Every entry must be repeated exactly in the answer.

(Beginning of INFORMATION GIVEN)

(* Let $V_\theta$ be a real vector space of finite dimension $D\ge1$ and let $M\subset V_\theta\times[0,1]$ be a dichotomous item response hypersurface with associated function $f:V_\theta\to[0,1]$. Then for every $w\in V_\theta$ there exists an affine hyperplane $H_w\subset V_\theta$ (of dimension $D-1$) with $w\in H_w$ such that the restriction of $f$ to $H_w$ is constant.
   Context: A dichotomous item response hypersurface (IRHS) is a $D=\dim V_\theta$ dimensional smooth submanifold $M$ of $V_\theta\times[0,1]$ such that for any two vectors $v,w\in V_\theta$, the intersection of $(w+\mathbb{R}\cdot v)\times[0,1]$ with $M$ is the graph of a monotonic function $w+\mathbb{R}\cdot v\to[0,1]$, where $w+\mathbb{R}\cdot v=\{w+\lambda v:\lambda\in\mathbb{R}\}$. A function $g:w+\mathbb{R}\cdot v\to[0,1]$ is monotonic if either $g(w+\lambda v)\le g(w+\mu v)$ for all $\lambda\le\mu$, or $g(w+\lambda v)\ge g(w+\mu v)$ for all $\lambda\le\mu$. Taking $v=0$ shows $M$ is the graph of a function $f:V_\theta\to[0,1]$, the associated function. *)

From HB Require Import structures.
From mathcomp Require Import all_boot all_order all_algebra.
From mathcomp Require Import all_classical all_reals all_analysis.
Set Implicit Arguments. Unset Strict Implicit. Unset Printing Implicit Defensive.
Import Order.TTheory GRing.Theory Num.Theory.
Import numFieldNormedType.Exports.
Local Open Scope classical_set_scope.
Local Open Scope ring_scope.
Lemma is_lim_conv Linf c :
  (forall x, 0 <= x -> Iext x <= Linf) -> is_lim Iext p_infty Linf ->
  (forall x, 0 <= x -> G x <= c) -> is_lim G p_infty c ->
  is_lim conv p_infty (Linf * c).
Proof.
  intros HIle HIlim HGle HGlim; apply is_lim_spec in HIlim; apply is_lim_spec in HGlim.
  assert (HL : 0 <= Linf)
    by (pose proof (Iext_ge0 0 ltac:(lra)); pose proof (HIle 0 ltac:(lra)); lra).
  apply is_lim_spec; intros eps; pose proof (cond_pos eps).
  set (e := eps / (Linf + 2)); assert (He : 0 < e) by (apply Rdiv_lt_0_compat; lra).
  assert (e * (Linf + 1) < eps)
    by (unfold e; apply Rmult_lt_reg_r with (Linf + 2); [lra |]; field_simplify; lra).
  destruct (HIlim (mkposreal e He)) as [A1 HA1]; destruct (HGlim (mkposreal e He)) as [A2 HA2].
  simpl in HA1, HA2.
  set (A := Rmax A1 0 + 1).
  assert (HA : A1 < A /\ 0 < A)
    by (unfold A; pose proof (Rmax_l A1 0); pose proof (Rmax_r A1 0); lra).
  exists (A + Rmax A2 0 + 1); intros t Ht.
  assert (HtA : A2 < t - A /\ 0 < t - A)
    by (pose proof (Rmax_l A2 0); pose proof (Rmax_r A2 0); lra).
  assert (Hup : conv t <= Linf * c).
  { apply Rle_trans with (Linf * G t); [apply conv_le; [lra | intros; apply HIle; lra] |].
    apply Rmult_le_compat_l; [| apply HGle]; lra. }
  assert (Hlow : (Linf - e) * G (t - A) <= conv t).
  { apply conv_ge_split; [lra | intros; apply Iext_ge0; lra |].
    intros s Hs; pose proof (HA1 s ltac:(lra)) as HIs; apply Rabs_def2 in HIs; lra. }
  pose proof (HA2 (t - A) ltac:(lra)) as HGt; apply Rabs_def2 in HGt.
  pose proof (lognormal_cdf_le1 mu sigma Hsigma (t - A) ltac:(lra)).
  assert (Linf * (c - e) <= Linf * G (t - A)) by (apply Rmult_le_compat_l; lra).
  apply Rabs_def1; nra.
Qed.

(End of INFORMATION GIVEN)

__SOLUTION__:
(* Let $V_\theta$ be a real vector space of finite dimension $D\ge1$ and let $M\subset V_\theta\times[0,1]$ be a dichotomous item response hypersurface with associated function $f:V_\theta\to[0,1]$. Then for every $w\in V_\theta$ there exists an affine hyperplane $H_w\subset V_\theta$ (of dimension $D-1$) with $w\in H_w$ such that the restriction of $f$ to $H_w$ is constant.
   Context: A dichotomous item response hypersurface (IRHS) is a $D=\dim V_\theta$ dimensional smooth submanifold $M$ of $V_\theta\times[0,1]$ such that for any two vectors $v,w\in V_\theta$, the intersection of $(w+\mathbb{R}\cdot v)\times[0,1]$ with $M$ is the graph of a monotonic function $w+\mathbb{R}\cdot v\to[0,1]$, where $w+\mathbb{R}\cdot v=\{w+\lambda v:\lambda\in\mathbb{R}\}$. A function $g:w+\mathbb{R}\cdot v\to[0,1]$ is monotonic if either $g(w+\lambda v)\le g(w+\mu v)$ for all $\lambda\le\mu$, or $g(w+\lambda v)\ge g(w+\mu v)$ for all $\lambda\le\mu$. Taking $v=0$ shows $M$ is the graph of a function $f:V_\theta\to[0,1]$, the associated function. *)

From HB Require Import structures.
From mathcomp Require Import all_boot all_order all_algebra.
From mathcomp Require Import all_classical all_reals all_analysis.
Set Implicit Arguments. Unset Strict Implicit. Unset Printing Implicit Defensive.
Import Order.TTheory GRing.Theory Num.Theory.
Import numFieldNormedType.Exports.
Local Open Scope classical_set_scope.
Local Open Scope ring_scope.
Lemma is_lim_conv Linf c :
  (forall x, 0 <= x -> Iext x <= Linf) -> is_lim Iext p_infty Linf ->
  (forall x, 0 <= x -> G x <= c) -> is_lim G p_infty c ->
  is_lim conv p_infty (Linf * c).
Proof.
  intros HIle HIlim HGle HGlim; apply is_lim_spec in HIlim; apply is_lim_spec in HGlim.
  assert (HL : 0 <= Linf)
    by (pose proof (Iext_ge0 0 ltac:(lra)); pose proof (HIle 0 ltac:(lra)); lra).
  apply is_lim_spec; intros eps; pose proof (cond_pos eps).
  set (e := eps / (Linf + 2)); assert (He : 0 < e) by (apply Rdiv_lt_0_compat; lra).
  assert (e * (Linf + 1) < eps)
    by (unfold e; apply Rmult_lt_reg_r with (Linf + 2); [lra |]; field_simplify; lra).
  destruct (HIlim (mkposreal e He)) as [A1 HA1]; destruct (HGlim (mkposreal e He)) as [A2 HA2].
  simpl in HA1, HA2.
  set (A := Rmax A1 0 + 1).
  assert (HA : A1 < A /\ 0 < A)
    by (unfold A; pose proof (Rmax_l A1 0); pose proof (Rmax_r A1 0); lra).
  exists (A + Rmax A2 0 + 1); intros t Ht.
  assert (HtA : A2 < t - A /\ 0 < t - A)
    by (pose proof (Rmax_l A2 0); pose proof (Rmax_r A2 0); lra).
  assert (Hup : conv t <= Linf * c).
  { apply Rle_trans with (Linf * G t); [apply conv_le; [lra | intros; apply HIle; lra] |].
    apply Rmult_le_compat_l; [| apply HGle]; lra. }
  assert (Hlow : (Linf - e) * G (t - A) <= conv t).
  { apply conv_ge_split; [lra | intros; apply Iext_ge0; lra |].
    intros s Hs; pose proof (HA1 s ltac:(lra)) as HIs; apply Rabs_def2 in HIs; lra. }
  pose proof (HA2 (t - A) ltac:(lra)) as HGt; apply Rabs_def2 in HGt.
  pose proof (lognormal_cdf_le1 mu sigma Hsigma (t - A) ltac:(lra)).
  assert (Linf * (c - e) <= Linf * G (t - A)) by (apply Rmult_le_compat_l; lra).
  apply Rabs_def1; nra.
Qed.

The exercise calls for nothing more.